FROM The Daily Encourager

“I will repay you for the years the locusts have eaten – the great locust and the young locust, the other locusts and the locust swarm – My great army that I sent among you.” – Joel 2:25

There are seasons in our lives that involve times of famine and times of restoration. Solomon tells us that He has made everything beautiful in its time and that there is a time for everything, and a season for every activity under Heaven. (See Ecclesiastes 3:1,11.)

God brings about both the good and the bad. The seasons of famine have a divine purpose in our lives. They accomplish things that only these hard places can accomplish. But there is a time when those hard places have accomplished their purpose and He begins to restore. God did this with the nation of Israel after a season of famine and devastation.

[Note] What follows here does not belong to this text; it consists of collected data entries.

(* Let $c\geq 2$ be an integer such that $c+1$ is a prime power. Then $R_{c,c+2}=\frac{c+2}{c}$, i.e., $\lim_{q\to\infty} M_{c,c+2}(q)/q^{2}=\frac{c+2}{c}$.
   Context: For $P\subseteq F^l$ over a finite alphabet $F$, $desc(P)=\{x\in F^l: \text{for every } i\in\{1,\ldots,l\} \text{ there is } y\in P \text{ with } x_i=y_i\}$. For an integer $c\geq 2$, a $c$-frameproof code of length $l$ is a subset $C\subseteq F^l$ with $desc(P)\cap C=P$ for every $P\subseteq C$ with $|P|\leq c$; it is $q$-ary if $|F|=q$. $M_{c,l}(q)$ denotes the largest cardinality of a $q$-ary $c$-frameproof code of length $l$, and $R_{c,l}=\lim_{q\to\infty} M_{c,l}(q)/q^{\lceil l/c\rceil}$ (note $\lceil (c+2)/c\rceil=2$ for $c\geq 2$). *)

From HB Require Import structures.
From mathcomp Require Import all_boot all_order all_algebra.
From mathcomp Require Import all_classical all_reals topology normedtype sequences.
Set Implicit Arguments. Unset Strict Implicit. Unset Printing Implicit Defensive.

Definition word (q l : nat) := {ffun 'I_l -> 'I_q}.

Definition desc (q l : nat) (P : {set word q l}) : {set word q l} :=
  [set x : word q l | [forall i : 'I_l, [exists y in P, x i == y i]]].

Definition frameproof (c q l : nat) (C : {set word q l}) : bool :=
  [forall P : {set word q l}, (P \subset C) && (#|P| <= c)%N ==> (desc P :&: C == P)].

Definition M (c l q : nat) : nat :=
  \max_(C : {set word q l} | frameproof c C) #|C|.

Definition prime_power (n : nat) : Prop :=
  exists p k : nat, prime p /\ (0 < k)%N /\ n = (p ^ k)%N.

(* Let C be a c-frameproof code of length c + 2 over q symbols.  At most
   (c + 2) q codewords x are the only codeword with their symbol in some coordinate.  For
   any other x, two disjoint pairs of coordinates cannot both fail to identify x: the two
   codewords agreeing with x on them, together with one codeword agreeing with x at each of
   the c - 2 remaining coordinates, would frame x.  So the ordered pairs not identifying x
   pairwise intersect; as n >= 4 points carry at most 2 (n - 1) such pairs (a star or a
   triangle), at least c (c + 1) of the (c + 2) (c + 1) ordered pairs identify x.  Each
   pair identifies at most q ^ 2 codewords, whence c |C| <= (c + 2) q ^ 2 + c (c + 2) q.

   Let F be a field with c + 1 elements and identify the coordinates with
   the projective line over F.  The codeword labelled (v, s, a, b), s <> 0, has a special
   symbol at v and the symbol (s (i - v), a + b i mod m + 1) at every other point i.  Two
   ordinary coordinates determine the label: (a, b) because differences of coordinates are
   prime to m + 1 when m + 1 = 1 mod (c + 1)!, and (v, s) because the ratios
   (i - v) / (i - w) are distinct for distinct i.  By pigeonhole the code is c-frameproof;
   it has (c + 2) c (m + 1) ^ 2 words over c (m + 1) + 1 symbols, and taking c (m + 1)
   close to q squeezes M(q) / q ^ 2 to (c + 2) / c. *)

From mathcomp Require Import all_boot all_algebra all_field.
From mathcomp Require Import zify ring.
Import GRing.Theory Num.Theory.
Set Implicit Arguments. Unset Strict Implicit. Unset Printing Implicit Defensive.

Lemma card_sum_in (T : finType) (A : {set T}) (P : pred T) :
  #|[set x in A | P x]| = \sum_(x in A) P x.
Proof.
rewrite -sum1_card (eq_bigl (fun x => (x \in A) && P x)) => [|x]; last by rewrite inE.
by rewrite big_mkcondr; apply: eq_bigr => x _; case: (P x).
Qed.

Lemma double_counting (I J : finType) (A : {set I}) (B : {set J}) (R : I -> J -> bool) a b :
  (forall i, i \in A -> a <= #|[set j in B | R i j]|) ->
  (forall j, j \in B -> #|[set i in A | R i j]| <= b) ->
  #|A| * a <= #|B| * b.
Proof.
move=> leA leB.
rewrite -!sum_nat_const; apply: (@leq_trans (\sum_(i in A) \sum_(j in B) R i j)).
  by apply: leq_sum => i Ai; rewrite -card_sum_in leA.
by rewrite exchange_big; apply: leq_sum => j Bj; rewrite -card_sum_in leB.
Qed.

Definition ends (T : finType) (p : T * T) : {set T} := [set p.1; p.2].

Definition offdiag (T : finType) (A : {set T}) := [set p in setX A A | p.1 != p.2].

Lemma card_offdiag (T : finType) (A : {set T}) : #|offdiag A| = #|A| * #|A|.-1.
Proof.
have diagA : #|[set p in setX A A | p.1 == p.2]| = #|A|.
  rewrite -(card_imset A (f := fun i => (i, i))) => [|i j [] //].
  apply: eq_card => -[i j]; rewrite !inE /=.
  apply/idP/imsetP => [/andP[/andP[iA _] /eqP<-] | [k kA [-> ->]]]; first by exists i.
  by rewrite kA eqxx.
have := cardsID [set p | p.1 == p.2] (setX A A).
rewrite cardsX.
have -> : setX A A :&: [set p | p.1 == p.2] = [set p in setX A A | p.1 == p.2].
  by apply/setP => p; rewrite !inE.
have -> : setX A A :\: [set p | p.1 == p.2] = offdiag A.
  by apply/setP => p; rewrite !inE andbC.
by rewrite diagA -subn1 mulnBr muln1; lia.
Qed.

Lemma mem_other_end (T : finType) (u w : T) (B : {set T}) :
  [set u; w] :&: B != set0 -> u \notin B -> w \in B.
Proof. by case/set0Pn => x; rewrite !inE => /andP[/orP[]/eqP-> ->]. Qed.

Section IntersectingPairs.
Variables (T : finType) (N : {set T * T}).
Hypothesis offdiagN : {in N, forall p, p.1 != p.2}.

Lemma card_pairs_through a : {in N, forall p, a \in ends p} -> #|N| <= 2 * #|T|.-1.
Proof.
move=> aN.
have sub : N \subset setX [set a] [set~ a] :|: setX [set~ a] [set a].
  apply/subsetP => -[u v] pN; have := aN _ pN; have := offdiagN pN.
  by rewrite !inE /= => uv /orP[] /eqP->; rewrite eqxx ?(eq_sym v) uv ?orbT.
apply: leq_trans (subset_leq_card sub) _; apply: leq_trans (leq_card_setU _ _) _.
by rewrite !cardsX cards1 cardsC1; lia.
Qed.

Lemma card_pairs_within (A : {set T}) : {in N, forall p, ends p \subset A} ->
  #|N| <= #|A| * #|A|.-1.
Proof.
move=> NA; rewrite -card_offdiag; apply/subset_leq_card/subsetP => p pN.
have /subsetP pA := NA _ pN.
by rewrite !inE offdiagN // !pA ?inE ?eqxx ?orbT.
Qed.

Hypothesis intersectingN : {in N &, forall p p', ends p :&: ends p' != set0}.

Lemma ends_sub_triangle p0 p1 p2 r : p0 \in N -> p1 \in N -> p2 \in N -> r \in N ->
  p0.1 \notin ends p1 -> p0.2 \notin ends p2 -> ends r \subset ends p1 :|: ends p2.
Proof.
move=> p0N p1N p2N rN a_p1 b_p2.
have b_p1 : p0.2 \in ends p1 by apply: mem_other_end a_p1; apply: intersectingN.
have a_p2 : p0.1 \in ends p2.
  by apply: (@mem_other_end _ p0.2) b_p2; rewrite setUC; apply: intersectingN.
have endsA u w : [set u; w] = ends r -> u \in ends p1 :|: ends p2.
  move=> uw; apply/negPn/negP; rewrite inE negb_or => /andP[u_p1 u_p2].
  have w_p1 : w \in ends p1 by apply: mem_other_end u_p1; rewrite uw; apply: intersectingN.
  have w_p2 : w \in ends p2 by apply: mem_other_end u_p2; rewrite uw; apply: intersectingN.
  have w_p0 : w \notin ends p0.
    by rewrite !inE; apply/norP; split; apply/eqP => ew; [move: a_p1 | move: b_p2];
      rewrite -ew ?w_p1 ?w_p2.
  have /mem_other_end/(_ w_p0) : [set w; u] :&: ends p0 != set0.
    by rewrite setUC uw; apply: intersectingN.
  by rewrite !inE => /orP[]/eqP ue; [move: u_p2 | move: u_p1]; rewrite ue ?a_p2 ?b_p1.
by apply/subsetP => u; rewrite in_set2 => /orP[]/eqP->; apply: endsA; rewrite // setUC.
Qed.

Lemma card_intersecting_pairs : 3 < #|T| -> #|N| <= 2 * #|T|.-1.
Proof.
move=> T_gt3; have [->|[p0 p0N]] := set_0Vmem N; first by rewrite cards0.
have [/forall_inP aN|/forall_inPn[p1 p1N a_p1]] := boolP [forall p in N, p0.1 \in ends p].
  exact: (card_pairs_through aN).
have [/forall_inP bN|/forall_inPn[p2 p2N b_p2]] := boolP [forall p in N, p0.2 \in ends p].
  exact: (card_pairs_through bN).
have card_triangle : #|ends p1 :|: ends p2| <= 3.
  have ends_le2 (p : T * T) : #|ends p| <= 2 by rewrite cards2; case: (_ != _).
  have := cardsUI (ends p1) (ends p2); have := ends_le2 p1; have := ends_le2 p2.
  by have := intersectingN p1N p2N; rewrite -card_gt0; lia.
apply: leq_trans (card_pairs_within (A := ends p1 :|: ends p2) _) _.
  by move=> r rN; apply: (ends_sub_triangle p0N).
have : #|ends p1 :|: ends p2| * #|ends p1 :|: ends p2|.-1 <= 6.
  by case: #|_| card_triangle => [|[|[|[|n]]]].
lia.
Qed.

End IntersectingPairs.

Section Identification.
Variables (q l : nat).
Implicit Types (C P : {set word q l}) (S : {set 'I_l}) (x y : word q l).

Lemma descP P x : reflect (forall i, exists2 y, y \in P & y i = x i) (x \in desc P).
Proof.
rewrite inE; apply: (iffP forallP) => [xP i | xP i].
  by have /existsP[y /andP[yP /eqP->]] := xP i; exists y.
by have [y yP <-] := xP i; apply/existsP; exists y; rewrite yP eqxx.
Qed.

Lemma frameproofP c C :
  reflect (forall P, P \subset C -> #|P| <= c -> desc P :&: C = P) (frameproof c C).
Proof.
apply: (iffP forallP) => [fpC P PC Pc | fpC P]; first by apply/eqP/(implyP (fpC P)); rewrite PC.
by apply/implyP => /andP[PC Pc]; rewrite fpC.
Qed.

Definition identifies C S x := [forall y in C, [forall i in S, y i == x i] ==> (y == x)].

Lemma identifiesP C S x :
  reflect (forall y, y \in C -> {in S, forall i, y i = x i} -> y = x) (identifies C S x).
Proof.
apply: (iffP forall_inP) => [idx y yC yS | idx y yC].
  by apply/eqP/(implyP (idx y yC))/forall_inP => i /yS ->.
by apply/implyP => /forall_inP yS; apply/eqP/idx => // i /yS /eqP.
Qed.

Lemma identifiesPn C S x :
  reflect (exists2 y, y \in C & {in S, forall i, y i = x i} /\ y != x) (~~ identifies C S x).
Proof.
apply: (iffP forall_inPn) => [[y yC] | [y yC [yS yx]]].
  by rewrite negb_imply => /andP[/forall_inP yS yx]; exists y => //; split => // i /yS /eqP.
by exists y => //; rewrite negb_imply yx andbT; apply/forall_inP => i /yS ->.
Qed.

Lemma card_identified C S : #|[set x in C | identifies C S x]| <= q ^ #|S|.
Proof.
pose restr x : {ffun {i | i \in S} -> 'I_q} := [ffun i => x (val i)].
rewrite -(card_in_imset (f := restr)).
  apply: leq_trans (max_card _) _; rewrite card_ffun card_ord card_sig.
  by rewrite (eq_card (B := S)).
move=> x y; rewrite !inE => /andP[xC /identifiesP idx] /andP[yC _] e.
apply/esym/idx => // i iS.
by move/ffunP/(_ (exist _ i iS)): e; rewrite !ffunE.
Qed.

Be glad, O people of Zion, rejoice in the Lord your God, for He has given you the autumn rains in righteousness. He sends you abundant showers, both autumn and spring rains, as before. The threshing floors will be filled with grain; the vats will overflow with new wine and oil. “I will repay you for the years the locusts have eaten – the great locust and the young locust, the other locusts and the locust swarm – My great army that I sent among you. You will have plenty to eat, until you are full, and you will praise the name of the Lord your God, who has worked wonders for you; never again will My people be shamed. Then you will know that I am in Israel, that I am the Lord your God, and that there is no other; never again will My people be shamed” (Joel 2:23-27).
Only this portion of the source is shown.